Principle One - Obryn the Jenkins
Whenever I see an opportunity to charge in with Obryn and one-shot a big lad, I take it. Yes, sometimes the dice punish me and then I'm over-extended but boy does it feel great when you charge in Round 1, Activation 1 and take out a fiend. Fun fact: Exalted-rank Magore's players will rage-quit 100% of the time when you do this.
It's actually surprisingly easy to pull this off. Righteous Zeal and the combination of Spoils of Battle with Great Strength will put you at 4 damage right off the bat and, if you're really lucky, you'll have Fuelled by Fury in hand to help things along too! Tip: You'll often want to go second in a round if you get the choice so that you can play your ploys and upgrades before you attack. Don't attack unless you have a shot at killing something!
Principle Two: Angry-angry Angharad
Sure, Angharad is the only fighter in this warband without an eight-foot-tall weapon but that's because she has absolutely nothing to prove. While Steelheart and Obryn will frequently embarrass themselves and miss an attack entirely, Angharad will literally never let you down. At three smash to attack she's absurdly accurate, so in situations where you can't one-shot your target and you know you'll need at least two attacks, always lead with Angharad first. She'll put a couple of wounds on an enemy fighter and then you can follow up with one of your big-shot dumbasses in the next activation.

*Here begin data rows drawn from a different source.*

Lemma pairprod_exchange :
  pairprod kdist (Ikeep :|: Iin) / pairprod kdist I0
  = `|\prod_(r < n) \prod_(r' < n | (r < r')%N) cross_ratio r r'|
    * (\prod_r phi0_num r / \prod_r phi0_den r).
Proof.
set Z := \prod_r \prod_(r' | r' != r) kdist (p (k r)) (j r').
have Z_gt0 : 0 < Z.
  by do 2!apply: prodr_gt0 => ? _; apply/kdist_gt0/pivot_neq_col.
have keep_out_gt0 : 0 < \prod_(a in Ikeep) \prod_r kdist a (p (k r)).
  apply: prodr_gt0 => a; rewrite !inE => /andP[a_out _].
  apply: prodr_gt0 => r _; apply: kdist_gt0; apply: contraNneq a_out => ->.
  by apply/imsetP; exists r.
rewrite {2}pivot_set_keep_out.
rewrite !pairprod_setU ?disjoint_keep_in ?disjoint_keep_out //;
  try exact: kdist_sym.
have cross_imset (g : 'I_n -> 'I_M) : injective g ->
    \prod_(a in Ikeep) \prod_(b in [set g r | r : 'I_n]) kdist a b
    = \prod_(a in Ikeep) \prod_r kdist a (g r).
  by move=> g_inj; apply: eq_bigr => a _; rewrite big_imset_inj.
rewrite !cross_imset //; last exact: pk_inj.
rewrite prod_phi0_num prod_phi0_den -/Z.
rewrite -[X in X * (_ / _)](mulfK (lt0r_neq0 Z_gt0)) norm_prod_cross_ratio.
have keep_neq0 := lt0r_neq0 (pairprod_kdist_gt0 Ikeep).
have out_neq0 := lt0r_neq0 (pairprod_kdist_gt0 Iout).
by field; rewrite out_neq0 keep_neq0 !lt0r_neq0.
Qed.

Lemma E_set_exchange x y t :
  E_set kappa x y t (Ikeep :|: Iin) / E_set kappa x y t I0
  = pairprod kdist (Ikeep :|: Iin) / pairprod kdist I0
    * \prod_r expR (phi kappa x y t p (k r) (j r)).
Proof.
rewrite !E_set_pairprod [in X in _ / (_ * X)]pivot_set_keep_out.
rewrite !big_setU_disjoint ?disjoint_keep_in ?disjoint_keep_out //=.
rewrite !big_imset_inj //; last exact: pk_inj.
rewrite /phi; under [in RHS]eq_bigr do rewrite expRB.
rewrite prodf_div.
have prod_expR_neq0 (I : finType) (P : pred I) (F : I -> R) :
  \prod_(i | P i) expR (F i) != 0.
  by apply/lt0r_neq0/prodr_gt0 => *; exact: expR_gt0.
have I0_neq0 := lt0r_neq0 (pairprod_kdist_gt0 I0).
by field; rewrite I0_neq0 !prod_expR_neq0.
Qed.

Lemma exp_phi0_gt0 (A : 'M[R]_(N, M)) k0 j0 :
  A k0 j0 != 0 -> j0 \notin I0 -> 0 < exp_phi0 kappa A p k0 j0.
Proof.
move=> A_nz j0_notin; apply: divr_gt0; first apply: mulr_gt0.
- by rewrite normr_gt0.
- apply: prodr_gt0 => m _; apply: kdist_gt0.
  by apply: contraNneq j0_notin => <-; apply/imsetP; exists m.
- by apply: prodr_gt0 => m m_k0; apply: kdist_gt0; rewrite (inj_eq p_inj).
Qed.

Lemma exp_phi0_split (A : 'M[R]_(N, M)) r :
  exp_phi0 kappa A p (k r) (j r) = `|A (k r) (j r)| * (phi0_num r / phi0_den r).
Proof. by rewrite /exp_phi0 mulrA. Qed.

Lemma expR_tphi x y t (A : 'M[R]_(N, M)) k0 j0 :
  0 < exp_phi0 kappa A p k0 j0 ->
  expR (tphi kappa x y t A p k0 j0)
  = expR (phi kappa x y t p k0 j0) * exp_phi0 kappa A p k0 j0.
Proof. by move=> phi0_gt0; rewrite /tphi expRD lnK. Qed.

Principle Three: Flexible Ploys
Okay, so I've pitched this as a deck about charging straight into your opponent's face but that doesn't tell the whole story. While Distraction and Sidestep are mainly intended to help you get into the fight efficiently, they can also be used to get you out of a tight spot if you over-extend or score you some easy glory from Seize Ground (Sidestep), Swift Advance (Sidestep), or Consecrated Area (Both). Yes, you're playing aggro but you're not a servant of Khorne and you can't hit anybody if you're dead!
Principle Four: The Tactical Longboard
Doubling-down on the seemingly counter-intuitive here. Against some other warbands - mostly Orruks and Fiends you might want to consider long-boarding if you get the choice. You still want to deploy right at the front of the board, as close as possible to enemy fighters, but having three fighters against their four means that, depending on the boards chosen and their orientation, you can force your opponent to choose which one of their fighters starts the game out of range of the action while all yours are close enough to deal damage.
Also, from a psych-warfare perspective, long-boarding your opponent with Steelhearts will immediately put your opponent on tilt before a single die is rolled since they'll assume that you're running Cowa-[redacted: there is no such thing. There is only one trve ways to play Steelhearts]. They'll already be halfway to that concede button before you've one-shotted your first fiend.
That's all for now!
I might re-visit this guide as I play more games with the deck since, admittedly, I've mostly been matched against Fiends and Orruks so far so I don't yet have much of a sense of how this will work out against things like Thorns and Skaven.
I've had a lot of fun so far playing with something more aggressive and it's really very satisfying watching your no-really-its-not-a-space-marines despatch enemy fighters with one mighty chop from a ludicrously over-sized sword. In the best possible version of this reality the best possible version of you is already laughing with glee as they wreck face for the emperor - join them!